_YOUR GOAL_. When you reach the line containing "[/\ forall i" in the data below, begin returning lines exactly as written, and stop once the line containing "Re = sum_m (-1)^m" has been returned.

_DATA FOR ANALYSIS_.
(* There exists a $4\times 4$ Jacobi matrix $J$ that realizes perfect state transfer and has Early State Exclusion; i.e., if $T_0>0$ is the earliest time at which $J$ realizes perfect state transfer, then there is $t\in(0,T_0)$ with $(e^{-iJt}\mathbf{e}_0,\mathbf{e}_0)_{\mathbb{C}^{4}}=0$.
   Context: A Jacobi matrix of order $N+1$ is a real symmetric tridiagonal $(N+1)\times(N+1)$ matrix $J$ with diagonal entries $a_0,\dots,a_N\in\mathbb{R}$ and off-diagonal entries $b_0,\dots,b_{N-1}>0$. Let $\mathbf{e}_0,\dots,\mathbf{e}_N$ be the standard basis of $\mathbb{C}^{N+1}$. $J$ realizes perfect state transfer (PST) at time $T>0$ if $e^{-iTJ}\mathbf{e}_0=e^{i\phi}\mathbf{e}_N$ for some $\phi\in\mathbb{R}$. If $T_0$ is the earliest (smallest positive) such time, $J$ is said to have Early State Exclusion (ESE) at time $t$ if $0<t<T_0$ and $(e^{-iJt}\mathbf{e}_0,\mathbf{e}_0)_{\mathbb{C}^{N+1}}=0$. *)

From HB Require Import structures.
From mathcomp Require Import all_boot all_order all_algebra.
From mathcomp Require Import all_classical all_reals all_analysis.
Set Implicit Arguments. Unset Strict Implicit. Unset Printing Implicit Defensive.
Import Order.TTheory GRing.Theory Num.Theory numFieldNormedType.Exports.
Local Open Scope ring_scope.

Definition jacobi (R : realType) (n : nat) (J : 'M[R]_n.+1) : Prop :=
  [/\ forall i j : 'I_n.+1, J i j = J j i,
      forall i j : 'I_n.+1, (i.+1 < j)%N -> J i j = 0
    & forall i j : 'I_n.+1, j = i.+1 :> nat -> 0 < J i j].

(* e^{-itJ} = sum_k (-it)^k J^k / k!, split into real and imaginary parts
   (J is real):
   Re = sum_m (-1)^m t^(2m) J^(2m) / (2m)!,
   Im = sum_m (-1)^(m+1) t^(2m+1) J^(2m+1) / (2m+1)!.  Entrywise series, as limits of partial sums
   (these series converge for every t). *)
Definition evolRe (R : realType) (n : nat) (J : 'M[R]_n.+1) (t : R)
    (i j : 'I_n.+1) : R :=
  limn (fun N : nat => \sum_(m < N) (((-1) ^+ m * t ^+ (2 * m)%N / ((2 * m)%N`!)%:R) * (J ^+ (2 * m)%N) i j)).

Definition evolIm (R : realType) (n : nat) (J : 'M[R]_n.+1) (t : R)
    (i j : 'I_n.+1) : R :=
  limn (fun N : nat => \sum_(m < N) (((-1) ^+ m.+1 * t ^+ (2 * m)%N.+1 / ((2 * m)%N.+1`!)%:R)
                 * (J ^+ (2 * m)%N.+1) i j)).

(* Perfect state transfer at time T: e^{-iTJ} e_0 = e^{i phi} e_N. *)
Definition PST (R : realType) (n : nat) (J : 'M[R]_n.+1) (T : R) : Prop :=
  0 < T /\ exists phi : R, forall j : 'I_n.+1,
    evolRe J T j ord0 = (if j == ord_max then cos phi else 0) /\
    evolIm J T j ord0 = (if j == ord_max then sin phi else 0).

Definition return_amp_zero (R : realType) (n : nat) (J : 'M[R]_n.+1) (t : R)
  : Prop := evolRe J t ord0 ord0 = 0 /\ evolIm J t ord0 ord0 = 0.

From HB Require Import structures.
From mathcomp Require Import all_boot all_order all_algebra.
From mathcomp Require Import all_classical all_reals all_analysis.
From mathcomp Require Import ring lra zify.
Import Order.TTheory GRing.Theory Num.Theory numFieldNormedType.Exports.

(* The matrix J4 with zero diagonal and off-diagonal entries (√15, 2, √15) has
   spectrum {±3, ±5}.  Expanding e_0 over its eigenvectors turns the series
   defining e^{-itJ} into cosines and sines of 3t and 5t.  At t = π/2 every
   cosine vanishes and the first column is -i e_3, so the state is transferred.
   No earlier T works: the entries of index 0, 1 and 2 would force
   e^{5iT} = e^{-3iT} and cos 3T = 0, hence cos 2T = -1.  The return amplitude
   (5 cos 3t + 3 cos 5t)/8 = cos³t (6 cos²t - 5) already vanishes at
   t = arccos √(5/6) < π/2. *)

Local Open Scope classical_set_scope.
Local Open Scope ring_scope.

Section Series.
Context {R : realType}.

Lemma cvg_cos_series (t a : R) :
  (fun N => \sum_(m < N) ((-1) ^+ m * t ^+ (2 * m)%N / ((2 * m)%N`!)%:R) * a ^+ (2 * m)%N)
    @ \oo --> cos (a * t).
Proof.
have -> : (fun N => \sum_(m < N) ((-1) ^+ m * t ^+ (2 * m)%N / ((2 * m)%N`!)%:R) * a ^+ (2 * m)%N)
    = series (cos_coeff' (a * t)).
  apply/funext => N; rewrite seriesEord; apply: eq_bigr => m _.
  rewrite /cos_coeff' -mul2n exprMn -exprnP; ring.
exact: cvg_cos_coeff'.
Qed.

Lemma cvg_sin_series (t a : R) :
  (fun N => \sum_(m < N) ((-1) ^+ m.+1 * t ^+ (2 * m)%N.+1 / ((2 * m)%N.+1`!)%:R) * a ^+ (2 * m)%N.+1)
    @ \oo --> - sin (a * t).
Proof.
have -> : (fun N => \sum_(m < N) ((-1) ^+ m.+1 * t ^+ (2 * m)%N.+1 / ((2 * m)%N.+1`!)%:R) * a ^+ (2 * m)%N.+1)
    = (fun N => - series (sin_coeff' (a * t)) N).
  apply/funext => N; rewrite seriesEord -sumrN; apply: eq_bigr => m _.
  rewrite /sin_coeff' -mul2n exprMn -exprnP exprS; ring.
by apply: cvgN; exact: cvg_sin_coeff'.
Qed.

Lemma cvg_sum_seq (I : Type) (r : seq I) (u : I -> nat -> R) (l : I -> R) :
  (forall x, u x @ \oo --> l x) ->
  (fun N => \sum_(x <- r) u x N) @ \oo --> \sum_(x <- r) l x.
Proof. by move=> ul; apply: cvg_big => //; exact: add_continuous. Qed.

Lemma cos3_cos5 (x : R) :
  5 * cos (3 * x) + 3 * cos (5 * x) = 8 * cos x ^+ 3 * (6 * cos x ^+ 2 - 5).
Proof.
have rec y : cos (y + x) = 2 * cos x * cos y - cos (y - x) by rewrite cosD cosB; ring.
have c2 : cos (2 * x) = 2 * cos x ^+ 2 - 1 by rewrite mulr_natl cos_mulr2n; ring.
have c3 : cos (3 * x) = 2 * cos x * cos (2 * x) - cos x.
  have -> : 3 * x = 2 * x + x by ring.
  by rewrite rec; congr (_ - cos _); ring.
have c4 : cos (4 * x) = 2 * cos x * cos (3 * x) - cos (2 * x).
  have -> : 4 * x = 3 * x + x by ring.
  by rewrite rec; congr (_ - cos _); ring.
have c5 : cos (5 * x) = 2 * cos x * cos (4 * x) - cos (3 * x).
  have -> : 5 * x = 4 * x + x by ring.
  by rewrite rec; congr (_ - cos _); ring.
rewrite c5 c4 c3 c2; ring.
Qed.

Lemma acos_lt_pihalf (x : R) : 0 < x <= 1 -> acos x < pi / 2.
Proof.
move=> /andP [x_gt0 x_le1]; have x_bnd : -1 <= x <= 1 by apply/andP; split; lra.
rewrite ltNge; apply/negP => acos_ge.
have acos_le := acos_lepi x_bnd.
have : 0 <= cos (acos x - pi).
  by apply: cos_ge0_pihalf; apply/andP; split; lra.
have := cosDpi (acos x - pi); rewrite subrK acosK ?in_itv //=; lra.
Qed.

End Series.

Section EigenExpansion.
Context {R : realType} {n : nat} {J : 'M[R]_n.+1}.

Lemma mulmx_exp_eigen {a : R} {v : 'cV[R]_n.+1} :
  J *m v = a *: v -> forall k, J ^+ k *m v = a ^+ k *: v.
Proof.
move=> Jv; elim=> [|k IHk]; first by rewrite expr0 mul1mx scale1r.
by rewrite exprSr -mulmxE -mulmxA Jv -scalemxAr IHk scalerA -exprS.
Qed.

Context {modes : seq (R * 'cV[R]_n.+1)}.
Hypothesis modes_eigen : {in modes, forall m, J *m m.2 = m.1 *: m.2}.
Context {i : 'I_n.+1}.
Hypothesis delta_modes : delta_mx i 0 = \sum_(m <- modes) m.2.

Lemma exp_mx_modes k j : (J ^+ k) j i = \sum_(m <- modes) m.1 ^+ k * m.2 j 0.
Proof.
have -> : (J ^+ k) j i = (J ^+ k *m delta_mx i (0 : 'I_1)) j 0 by rewrite -colE mxE.
rewrite delta_modes mulmx_sumr summxE; apply: eq_big_seq => m /modes_eigen Jm.
by rewrite (mulmx_exp_eigen Jm) mxE.
Qed.

Lemma limn_series_modes {c : nat -> R} {e : nat -> nat} {f : R -> R} j :
  (forall a, (fun N => \sum_(m < N) c m * a ^+ e m) @ \oo --> f a) ->
  limn (fun N => \sum_(m < N) c m * (J ^+ e m) j i) =
    \sum_(p <- modes) p.2 j 0 * f p.1.
Proof.
move=> cvg_f; apply: cvg_lim => //.
have -> : (fun N => \sum_(m < N) c m * (J ^+ e m) j i) =
    (fun N => \sum_(p <- modes) p.2 j 0 * \sum_(m < N) c m * p.1 ^+ e m).
  apply/funext => N; under eq_bigr do rewrite exp_mx_modes mulr_sumr.
  rewrite exchange_big /=; apply: eq_bigr => p _.
  by rewrite mulr_sumr; apply: eq_bigr => m _; ring.
by apply: cvg_sum_seq => p; apply: cvgMl_tmp.
Qed.

Lemma evolRe_modes t j :
  evolRe J t j i = \sum_(p <- modes) p.2 j 0 * cos (p.1 * t).
Proof.
apply: (limn_series_modes (c := fun m => (-1) ^+ m * t ^+ (2 * m)%N / ((2 * m)%N`!)%:R)
  (e := fun m => (2 * m)%N) (f := fun a => cos (a * t))).
exact: cvg_cos_series.
Qed.

Lemma evolIm_modes t j :
  evolIm J t j i = \sum_(p <- modes) p.2 j 0 * - sin (p.1 * t).
Proof.
apply: (limn_series_modes
  (c := fun m => (-1) ^+ m.+1 * t ^+ (2 * m)%N.+1 / ((2 * m)%N.+1`!)%:R)
  (e := fun m => (2 * m)%N.+1) (f := fun a => - sin (a * t))).
exact: cvg_sin_series.
Qed.

End EigenExpansion.

Section Example.
Variable R : realType.

Let s : R := Num.sqrt 15.

Lemma sqr_s : s ^+ 2 = 15. Proof. by rewrite sqr_sqrtr // ler0n. Qed.
Lemma s_gt0 : 0 < s. Proof. by rewrite sqrtr_gt0 ltr0n. Qed.

Definition J4 : 'M[R]_4 := \matrix_(i, j)
  if (i == j.+1 :> nat) || (j == i.+1 :> nat) then
    if (i + j == 3)%N then 2 else s
  else 0.

Definition col4 (a b c d : R) : 'cV[R]_4 := \col_i [:: a; b; c; d]`_i.

(* Each vector is the orthogonal projection of e_0 onto the eigenline of its eigenvalue. *)
Definition J4_modes : seq (R * 'cV[R]_4) :=
  [:: (3, 16^-1 *: col4 5 s (- s) (-5)); (-3, 16^-1 *: col4 5 (- s) (- s) 5);
      (5, 16^-1 *: col4 3 s s 3); (-5, 16^-1 *: col4 3 (- s) s (-3))].

Lemma J4_modes_eigen : {in J4_modes, forall m, J4 *m m.2 = m.1 *: m.2}.
Proof.
have s2 := sqr_s.
move=> m; rewrite !inE => /or4P [] /eqP -> /=; apply/matrixP => i j;
  rewrite !mxE !big_ord_recl big_ord0 !mxE;
  by case: i => [[|[|[|[|i]]]] Hi] //=; field: s2.
Qed.

Lemma J4_delta_modes : delta_mx 0 0 = \sum_(m <- J4_modes) m.2.
Proof.
apply/matrixP => i j; rewrite ord1 !big_cons big_nil !mxE.
by case: i => [[|[|[|[|i]]]] Hi] //=; field.
Qed.

Lemma J4_evolRe t (j : 'I_4) : evolRe J4 t j 0 =
  [:: (5 * cos (3 * t) + 3 * cos (5 * t)) / 8; 0; s * (cos (5 * t) - cos (3 * t)) / 8; 0]`_j.
Proof.
rewrite (evolRe_modes J4_modes_eigen J4_delta_modes) !big_cons big_nil !mxE /=.
by rewrite !mulNr !cosN; case: j => [[|[|[|[|j]]]] Hj] //=; field.
Qed.

Lemma J4_evolIm t (j : 'I_4) : evolIm J4 t j 0 =
  [:: 0; - s * (sin (3 * t) + sin (5 * t)) / 8; 0; (5 * sin (3 * t) - 3 * sin (5 * t)) / 8]`_j.
Proof.
rewrite (evolIm_modes J4_modes_eigen J4_delta_modes) !big_cons big_nil !mxE /=.
by rewrite !mulNr !sinN; case: j => [[|[|[|[|j]]]] Hj] //=; field.
Qed.

Lemma J4_jacobi : jacobi J4.
Proof.
split.
- by move=> i j; rewrite !mxE orbC addnC.
- move=> i j ij; rewrite mxE; case: ifP => // /orP [] /eqP; lia.
- move=> i j ji; rewrite mxE ji eqxx orbT; case: ifP => _; [exact: ltr0n | exact: s_gt0].
Qed.

Lemma J4_PST : PST J4 (pi / 2).
Proof.
have [c3 s3] : cos (3 * (pi / 2)) = 0 :> R /\ sin (3 * (pi / 2)) = -1 :> R.
  have -> : 3 * (pi / 2) = pi / 2 + pi :> R by field.
  by rewrite cosDpi sinDpi cos_pihalf sin_pihalf oppr0.
have [c5 s5] : cos (5 * (pi / 2)) = 0 :> R /\ sin (5 * (pi / 2)) = 1 :> R.
  have -> : 5 * (pi / 2) = pi / 2 + pi *+ 2 :> R by rewrite mulr2n; field.
  by rewrite cosD2pi sinD2pi cos_pihalf sin_pihalf.
split; first by have := @pi_gt0 R; lra.
exists (- (pi / 2)) => j; rewrite J4_evolRe J4_evolIm c3 s3 c5 s5.
rewrite cosN sinN cos_pihalf sin_pihalf.
by case: j => [[|[|[|[|j]]]] Hj] //=; split; field.
Qed.

Lemma J4_PST_min T : PST J4 T -> pi / 2 <= T.
Proof.
move=> [T_gt0 [phi PST_T]]; rewrite leNgt; apply/negP => T_lt.
have [re0 _] := PST_T ord0.
have [_ im1] := PST_T (@Ordinal 4 1 isT).
have [re2 _] := PST_T (@Ordinal 4 2 isT).
rewrite !J4_evolRe /= in re0 re2; rewrite J4_evolIm /= in im1.
have s_neq0 : s != 0 by rewrite gt_eqF ?s_gt0.
have c5 : cos (5 * T) = cos (3 * T) by apply: (mulfI s_neq0); lra.
have s5 : sin (5 * T) = - sin (3 * T) by apply: (mulfI s_neq0); lra.
have c3 : cos (3 * T) = 0 by lra.
have c2 : cos (T *+ 2) = -1.
  have -> : T *+ 2 = 5 * T - 3 * T by rewrite mulr2n; ring.
  have := cos2Dsin2 (3 * T); rewrite cosB c5 s5 c3; lra.
have cT : 0 < cos T by apply: cos_gt0_pihalf; have := @pi_gt0 R; lra.
have : cos T ^+ 2 = 0 by move: c2; rewrite cos_mulr2n; lra.
by move/eqP; rewrite sqrf_eq0 gt_eqF.
Qed.

Lemma J4_return_amp_zero t : cos t ^+ 2 = 5 / 6 -> return_amp_zero J4 t.
Proof.
move=> cos_t; rewrite /return_amp_zero J4_evolRe J4_evolIm /=.
by rewrite cos3_cos5 cos_t; split => //; field.
Qed.

End Example.

Theorem mainTheorem2 (R : realType) :
  exists (J : 'M[R]_4) (T0 t : R),
    [/\ jacobi J,
        PST J T0,
        (forall T : R, PST J T -> T0 <= T),
        0 < t < T0
      & return_amp_zero J t].
Proof.
pose c : R := Num.sqrt (5 / 6).
have c_gt0 : 0 < c by rewrite sqrtr_gt0 divr_gt0.
have c_lt1 : c < 1 by rewrite -sqrtr1 ltr_sqrt //; lra.
exists (J4 R), (pi / 2), (acos c); split.
- exact: J4_jacobi.
- exact: J4_PST.
- exact: J4_PST_min.
- by rewrite acos_gt0 ?acos_lt_pihalf //; apply/andP; split; lra.
- apply: J4_return_amp_zero.
  by rewrite acosK ?sqr_sqrtr ?in_itv //=; apply/andP; split; lra.
Qed.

_EXERCISE RESULT_.
  [/\ forall i j : 'I_n.+1, J i j = J j i,
      forall i j : 'I_n.+1, (i.+1 < j)%N -> J i j = 0
    & forall i j : 'I_n.+1, j = i.+1 :> nat -> 0 < J i j].

(* e^{-itJ} = sum_k (-it)^k J^k / k!, split into real and imaginary parts
   (J is real):
   Re = sum_m (-1)^m t^(2m) J^(2m) / (2m)!,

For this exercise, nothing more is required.